Milk Street Radio listener Martha D., of San Jose, California, noticed that bread recipes a few decades old (or older) generally call for kneading, while contemporary recipes often call for dough to be folded. She wonders what caused the change.

Let’s start by defining our terms. Kneading dough involves working it with a repeated push-pull motion. Folding is a more gentle technique; the dough is stretched, then folded over on itself. Generally, the moisture content of the dough determines which method is best. The wetter the dough, the more difficult it is to knead, so folding often is better for doughs such as focaccia, ciabatta and high-hydration sourdoughs.

The final texture of the bread is also a consideration: Folding allows for a looser crumb and larger air pockets. Kneading, meanwhile, deflates air pockets, creating a tighter, denser crumb more suitable for loaves of sliceable sandwich bread.
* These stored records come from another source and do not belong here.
(* For one operator T with adjoint T*, put B = T*T.  On a reducing subspace, T
   lies in \mathcal C_{1,r} exactly when (B - 1)(B - r^2) vanishes there, the two
   spectral projections of B being the required P0 and P1.  Hence the largest
   such subspace is H(T) = {x | (B - 1)(B - r^2) w x = 0 for every word w in
   T, T*}: it is closed (an orthogonal complement) and reducing, T is c.n.u. on
   every reducing subspace orthogonal to it, and conversely a reducing subspace
   on which T is c.n.u. is orthogonal to H(T), since the orthogonal projection
   onto it commutes with T and T*, hence maps H(T) into a \mathcal C_{1,r} part.
   Double commutativity makes the projection onto each H(T_k) preserve every
   H(T_i) and H(T_i)^perp, so splitting off one index at a time decomposes the
   space into the 2^d intersections of the H(T_i) or H(T_i)^perp.  Uniqueness
   holds because each piece of any decomposition of the stated kind lies in the
   corresponding intersection, and the intersections are mutually orthogonal. *)

From HB Require Import structures.
From mathcomp Require Import all_boot all_order all_algebra.
From mathcomp Require Import reals complex.
From mathcomp Require Import ring lra.
From mathcomp Require Import fingroup perm.
From mathcomp Require boolp.
Import Order.TTheory GRing.Theory Num.Theory.
Set Implicit Arguments.
Unset Strict Implicit.
Unset Printing Implicit Defensive.
Local Open Scope ring_scope.

Section ComplexFacts.
Variable R : realType.
Implicit Types (z : R[i]) (t : R).

Lemma ReJ z : complex.Re (z^*)%C = complex.Re z.
Proof. by case: z. Qed.

Lemma Re_realM t z : complex.Re (t%:C * z)%C = t * complex.Re z.
Proof. by case: z => a b; simpc. Qed.

Lemma complex_eq0 z : (forall u : R[i], complex.Re (u * z) <= 0) -> z = 0.
Proof.
case: z => a b h; have := h 1; have := h (-1); have := h (- 'i%C); have := h 'i%C.
simpc => /= ? ? ? ?; apply/eqP; rewrite eq_complex /=; apply/andP; split; apply/eqP; lra.
Qed.

End ComplexFacts.

Lemma le0_of_le_eps_mul (R : realFieldType) (r K : R) : 0 <= K ->
  (forall e, 0 < e -> e <= 1 -> r <= e * K) -> r <= 0.
Proof.
move=> K_ge0 r_small; rewrite leNgt; apply/negP => r_gt0.
have d_gt0 : 0 < r + K + 1 by lra.
have := r_small (r / (r + K + 1)).
rewrite divr_gt0 // ?ler_pdivrMr // mul1r.
have -> : r / (r + K + 1) * K = (r * K) / (r + K + 1) by rewrite mulrAC.
rewrite ler_pdivlMr //; move=> /(_ isT); nra.
Qed.

Lemma archi_inv_lt (R : archiRealFieldType) (e : R) : 0 < e ->
  exists N : nat, forall n, (N <= n)%N -> (n.+1%:R)^-1 < e.
Proof.
move=> e0; exists (Num.truncn e^-1) => n hn.
rewrite -[e]invrK ltf_pV2 ?posrE ?invr_gt0 ?ltr0Sn //.
apply: (lt_le_trans (truncnS_gt _)); by rewrite ler_nat ltnS.
Qed.

Section InnerProduct.
Variables (R : realType) (V : lmodType R[i]) (ip : V -> V -> R[i]).
Hypothesis ipH : is_hilbert ip.
Implicit Types (x y z u v : V) (a : R[i]).

Lemma ipDZl a x y z : ip (a *: x + y) z = a * ip x z + ip y z.
Proof. by case: ipH. Qed.

Lemma ipC x y : ip y x = (ip x y)^*%C.
Proof. by case: ipH. Qed.

Lemma ip_ge0 x : 0 <= ip x x.
Proof. by case: ipH. Qed.

Lemma ip_eq0 x : ip x x = 0 -> x = 0.
Proof. by case: ipH => _ _ _ /(_ x). Qed.

Lemma ipDl x y z : ip (x + y) z = ip x z + ip y z.
Proof. by rewrite -[x]scale1r ipDZl mul1r scale1r. Qed.

Lemma ip0l z : ip 0 z = 0.
Proof. by apply: (addrI (ip 0 z)); rewrite -ipDl !addr0. Qed.

Lemma ipZl a x z : ip (a *: x) z = a * ip x z.
Proof. by rewrite -[a *: x]addr0 ipDZl ip0l addr0. Qed.

Lemma ipNl x z : ip (- x) z = - ip x z.
Proof. by rewrite -scaleN1r ipZl mulN1r. Qed.

Lemma ipBl x y z : ip (x - y) z = ip x z - ip y z.
Proof. by rewrite ipDl ipNl. Qed.

Lemma ipDr x y z : ip z (x + y) = ip z x + ip z y.
Proof. by rewrite ipC ipDl rmorphD /= -!ipC. Qed.

Lemma ipZr a x z : ip z (a *: x) = a^*%C * ip z x.
Proof. by rewrite ipC ipZl rmorphM /= -ipC. Qed.

Lemma ip0r z : ip z 0 = 0.
Proof. by rewrite ipC ip0l rmorph0. Qed.

Lemma ipNr x z : ip z (- x) = - ip z x.
Proof. by rewrite ipC ipNl rmorphN /= -ipC. Qed.

Lemma ipBr x y z : ip z (x - y) = ip z x - ip z y.
Proof. by rewrite ipDr ipNr. Qed.

Lemma ip_sum (I : finType) (P : pred I) (F : I -> V) z :
  ip (\sum_(i | P i) F i) z = \sum_(i | P i) ip (F i) z.
Proof. by apply: (big_morph (ip^~ z)) => [u v|]; [exact: ipDl | exact: ip0l]. Qed.

Lemma ip_eq0C x y : ip x y = 0 -> ip y x = 0.
Proof. by move=> h; rewrite ipC h rmorph0. Qed.

Lemma ip_inj_l u v : (forall z, ip u z = ip v z) -> u = v.
Proof.
move=> h; apply/eqP; rewrite -subr_eq0; apply/eqP/ip_eq0.
by rewrite ipBl h subrr.
Qed.

Lemma ip_inj_r u v : (forall z, ip z u = ip z v) -> u = v.
Proof.
move=> h; apply/eqP; rewrite -subr_eq0; apply/eqP/ip_eq0.
by rewrite ipBr h subrr.
Qed.

Definition sqnorm x : R := complex.Re (ip x x).

Lemma sqnorm_ge0 x : 0 <= sqnorm x.
Proof. by have := ip_ge0 x; rewrite lecE => /andP[]. Qed.

Lemma Re_ipC x y : complex.Re (ip y x) = complex.Re (ip x y).
Proof. by rewrite ipC ReJ. Qed.

Lemma sqnormD x y : sqnorm (x + y) = sqnorm x + sqnorm y + 2 * complex.Re (ip x y).
Proof. by rewrite /sqnorm ipDl !ipDr !raddfD /= (Re_ipC x y); ring. Qed.

Lemma sqnormN x : sqnorm (- x) = sqnorm x.
Proof. by rewrite /sqnorm ipNl ipNr opprK. Qed.

Lemma sqnormB x y : sqnorm (x - y) = sqnorm x + sqnorm y - 2 * complex.Re (ip x y).
Proof. by rewrite sqnormD sqnormN ipNr raddfN /=; ring. Qed.

Lemma sqnormZ (t : R) x : sqnorm (t%:C%C *: x) = t ^+ 2 * sqnorm x.
Proof. by rewrite /sqnorm ipZl ipZr conjc_real mulrA -rmorphM Re_realM. Qed.

Lemma parallelogram x y :
  sqnorm (x + y) + sqnorm (x - y) = 2 * sqnorm x + 2 * sqnorm y.
Proof. by rewrite sqnormD sqnormB; ring. Qed.

Lemma Re_ip_le (t : R) x y : 0 < t ->
  2 * complex.Re (ip x y) <= t * sqnorm x + sqnorm y / t.
Proof.
move=> t_gt0; have := sqnorm_ge0 (t%:C%C *: x - y).
rewrite sqnormB sqnormZ ipZl Re_realM => h.
rewrite -(ler_pM2l t_gt0) mulrDr [t * (_ / t)]mulrC divfK ?gt_eqF //; nra.
Qed.

Lemma sqnorm_lt_hnorm x e : 0 < e -> hnorm ip x < e -> sqnorm x < e ^+ 2.
Proof.
move=> e_gt0 h; rewrite -(sqr_sqrtr (sqnorm_ge0 x)).
by rewrite ltr_pXn2r // nnegrE ?sqrtr_ge0 ?ltW.
Qed.

Lemma hnorm_lt_sqnorm x e : 0 < e -> sqnorm x < e ^+ 2 -> hnorm ip x < e.
Proof.
move=> e_gt0 h; rewrite /hnorm -(ger0_norm (ltW e_gt0)) -sqrtr_sqr.
by rewrite ltr_sqrt // exprn_gt0.
Qed.

Lemma adjoint_linear (F G : V -> V) : adjoint_of ip F G -> linear F.
Proof.
by move=> adj a x y; apply: ip_inj_l => z; rewrite adj ipDZl ipDl ipZl !adj.
Qed.

Lemma adjointC (F G : V -> V) : adjoint_of ip F G -> adjoint_of ip G F.
Proof. by move=> adj x y; rewrite ipC -adj -ipC. Qed.

Lemma adjoint_comm (F F' G G' : V -> V) :
  adjoint_of ip F F' -> adjoint_of ip G G' -> (forall x, F (G x) = G (F x)) ->
  forall x, F' (G' x) = G' (F' x).
Proof. by move=> adjF adjG FG x; apply: ip_inj_r => z; rewrite -adjF -adjG -adjG -adjF FG. Qed.

End InnerProduct.

(* Identities between vectors built with [+], [-] and [*:] are checked by pairing
   both sides with an arbitrary vector, which turns them into identities in R[i]. *)
Ltac ip_ring ipH :=
  apply: (ip_inj_l ipH) => ?;
  rewrite ?(ipDl ipH, ipBl ipH, ipZl ipH, ipNl ipH, ip0l ipH);
  first [ring | field].

Section ClosedSubspaces.
Variables (R : realType) (V : lmodType R[i]) (ip : V -> V -> R[i]).
Hypothesis ipH : is_hilbert ip.
Implicit Types (M N Z : V -> Prop) (x y z : V).
Local Notation sqnorm := (sqnorm ip).

Section Closure.
Variables (M : V -> Prop) (HM : closed_subspace ip M).

Lemma subspace0 : M 0.
Proof. by case: HM. Qed.

Lemma subspaceD x y : M x -> M y -> M (x + y).
Proof. by case: HM => _ h _ mx my; rewrite -[x]scale1r; apply: h. Qed.

Lemma subspaceZ a x : M x -> M (a *: x).
Proof. by case: HM => _ h _ mx; rewrite -[_ *: _]addr0; apply: h => //; apply: subspace0. Qed.

Lemma subspaceB x y : M x -> M y -> M (x - y).
Proof. by move=> mx my; rewrite -scaleN1r; apply: subspaceD => //; apply: subspaceZ. Qed.

End Closure.

Lemma closed_subspace_ext M N : (forall x, M x <-> N x) ->
  closed_subspace ip M -> closed_subspace ip N.
Proof.
move=> e [h0 h1 h2]; split.
- exact/e.
- by move=> a x y /e hx /e hy; apply/e; apply: h1.
- by move=> u l hu hl; apply/e; apply: (h2 u) => // n; apply/e.
Qed.

Lemma closed_subspace_all (I : Type) (K : I -> V -> Prop) :
  (forall i, closed_subspace ip (K i)) -> closed_subspace ip (fun x => forall i, K i x).
Proof.
move=> hK; split.
- by move=> i; case: (hK i).
- by move=> a x y hx hy i; case: (hK i) => _ h _; apply: h.
- by move=> u l hu hl i; case: (hK i) => _ _ h; apply: (h u) => // n; apply: hu.
Qed.

Lemma closed_subspace_and M N : closed_subspace ip M -> closed_subspace ip N ->
  closed_subspace ip (fun x => M x /\ N x).
Proof.
move=> hM hN; apply: (closed_subspace_ext (M := fun x => forall b : bool, if b then M x else N x)).
  by move=> x; split=> [h|[? ?] []//]; split; [exact: (h true) | exact: (h false)].
by apply: closed_subspace_all => -[].
Qed.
Martha likely has seen more recipes calling for folded dough because, in recent years, high-hydration artisanal breads have become increasingly en vogue among home bakers. To compare the two techniques directly, we made both a kneaded and a folded version of whole-wheat levain bread.

Made with a sourdough-like natural starter, this bread features a dough firm enough to knead, but with enough hydration that it also can be folded. After baking and cooling, the folded dough did indeed have more of a ciabatta- like interior with larger air pockets and a chewier, looser crumb than the kneaded loaf.